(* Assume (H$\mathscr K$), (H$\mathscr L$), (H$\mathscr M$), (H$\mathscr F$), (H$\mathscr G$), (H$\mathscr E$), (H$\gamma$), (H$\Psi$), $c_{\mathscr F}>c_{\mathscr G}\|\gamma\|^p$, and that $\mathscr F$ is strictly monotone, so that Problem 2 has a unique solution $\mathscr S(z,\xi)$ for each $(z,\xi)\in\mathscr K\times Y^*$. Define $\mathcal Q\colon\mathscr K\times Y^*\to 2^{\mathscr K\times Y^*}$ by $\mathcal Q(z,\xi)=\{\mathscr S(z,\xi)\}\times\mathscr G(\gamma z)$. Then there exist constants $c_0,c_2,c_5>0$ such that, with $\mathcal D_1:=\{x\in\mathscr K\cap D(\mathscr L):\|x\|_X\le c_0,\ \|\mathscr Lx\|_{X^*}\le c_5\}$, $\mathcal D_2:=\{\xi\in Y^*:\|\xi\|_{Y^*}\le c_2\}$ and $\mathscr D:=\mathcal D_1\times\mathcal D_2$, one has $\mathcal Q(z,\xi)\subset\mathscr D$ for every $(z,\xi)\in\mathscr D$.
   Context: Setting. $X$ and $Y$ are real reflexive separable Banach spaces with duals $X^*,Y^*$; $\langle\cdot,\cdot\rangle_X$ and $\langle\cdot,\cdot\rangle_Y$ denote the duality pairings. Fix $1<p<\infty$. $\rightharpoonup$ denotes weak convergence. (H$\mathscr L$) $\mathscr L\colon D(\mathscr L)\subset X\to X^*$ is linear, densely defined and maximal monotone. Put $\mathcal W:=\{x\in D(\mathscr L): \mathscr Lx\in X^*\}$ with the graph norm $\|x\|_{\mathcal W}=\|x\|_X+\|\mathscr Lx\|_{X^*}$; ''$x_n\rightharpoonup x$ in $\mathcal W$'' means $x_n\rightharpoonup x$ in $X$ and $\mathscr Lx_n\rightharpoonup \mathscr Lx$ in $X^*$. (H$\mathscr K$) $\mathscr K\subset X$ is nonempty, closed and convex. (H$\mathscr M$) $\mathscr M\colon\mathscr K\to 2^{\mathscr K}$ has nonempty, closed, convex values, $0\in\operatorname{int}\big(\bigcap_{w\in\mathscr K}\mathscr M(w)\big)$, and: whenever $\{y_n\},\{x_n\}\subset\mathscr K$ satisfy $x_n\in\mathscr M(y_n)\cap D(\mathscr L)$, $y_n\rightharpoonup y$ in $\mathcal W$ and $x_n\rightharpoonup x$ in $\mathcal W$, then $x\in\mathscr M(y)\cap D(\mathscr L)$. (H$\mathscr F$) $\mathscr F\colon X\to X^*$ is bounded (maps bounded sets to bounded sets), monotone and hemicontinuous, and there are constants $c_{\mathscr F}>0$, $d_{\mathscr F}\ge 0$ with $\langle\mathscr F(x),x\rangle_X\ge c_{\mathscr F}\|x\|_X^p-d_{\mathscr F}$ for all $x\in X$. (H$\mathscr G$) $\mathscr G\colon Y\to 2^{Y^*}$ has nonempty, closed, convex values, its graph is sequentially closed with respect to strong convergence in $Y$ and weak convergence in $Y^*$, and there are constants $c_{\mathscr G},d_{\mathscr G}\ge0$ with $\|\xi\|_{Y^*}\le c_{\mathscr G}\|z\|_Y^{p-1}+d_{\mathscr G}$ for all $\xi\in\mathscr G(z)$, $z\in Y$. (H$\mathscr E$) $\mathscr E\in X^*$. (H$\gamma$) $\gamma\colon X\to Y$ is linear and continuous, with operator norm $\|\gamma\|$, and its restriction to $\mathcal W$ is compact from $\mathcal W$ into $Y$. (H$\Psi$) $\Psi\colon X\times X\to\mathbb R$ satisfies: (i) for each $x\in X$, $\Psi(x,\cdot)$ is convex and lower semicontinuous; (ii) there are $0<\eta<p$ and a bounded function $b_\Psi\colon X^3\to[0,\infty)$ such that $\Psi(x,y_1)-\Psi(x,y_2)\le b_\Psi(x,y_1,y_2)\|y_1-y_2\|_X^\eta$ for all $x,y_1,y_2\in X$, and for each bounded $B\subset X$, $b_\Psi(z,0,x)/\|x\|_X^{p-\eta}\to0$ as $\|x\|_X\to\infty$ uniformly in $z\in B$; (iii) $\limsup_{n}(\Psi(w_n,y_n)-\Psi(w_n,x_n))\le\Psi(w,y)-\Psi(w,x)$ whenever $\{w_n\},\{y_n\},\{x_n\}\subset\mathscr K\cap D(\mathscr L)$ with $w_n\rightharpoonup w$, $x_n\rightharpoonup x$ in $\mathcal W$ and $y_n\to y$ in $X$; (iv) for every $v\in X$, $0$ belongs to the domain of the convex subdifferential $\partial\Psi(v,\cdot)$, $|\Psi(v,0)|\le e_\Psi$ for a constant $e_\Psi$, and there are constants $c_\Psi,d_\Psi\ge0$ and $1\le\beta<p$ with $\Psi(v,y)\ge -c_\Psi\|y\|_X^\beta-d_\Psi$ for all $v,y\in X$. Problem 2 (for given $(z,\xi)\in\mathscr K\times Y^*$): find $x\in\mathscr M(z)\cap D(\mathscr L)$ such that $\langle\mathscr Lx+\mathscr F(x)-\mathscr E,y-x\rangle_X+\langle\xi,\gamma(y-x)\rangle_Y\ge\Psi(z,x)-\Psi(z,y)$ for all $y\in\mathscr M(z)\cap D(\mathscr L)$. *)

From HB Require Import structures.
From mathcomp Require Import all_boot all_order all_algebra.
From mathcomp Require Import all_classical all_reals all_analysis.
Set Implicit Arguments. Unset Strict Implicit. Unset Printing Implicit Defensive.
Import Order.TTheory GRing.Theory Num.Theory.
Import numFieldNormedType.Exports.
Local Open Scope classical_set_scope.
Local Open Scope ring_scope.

○ ○ ○ ○ ○

Problem to solve ▸
Please return every line from the one that contains "Set Implicit Arguments." through the end of the entries, exactly, leaving out all others.

Response area ▸
Set Implicit Arguments. Unset Strict Implicit. Unset Printing Implicit Defensive.
Import Order.TTheory GRing.Theory Num.Theory.
Import numFieldNormedType.Exports.
Local Open Scope classical_set_scope.
Local Open Scope ring_scope.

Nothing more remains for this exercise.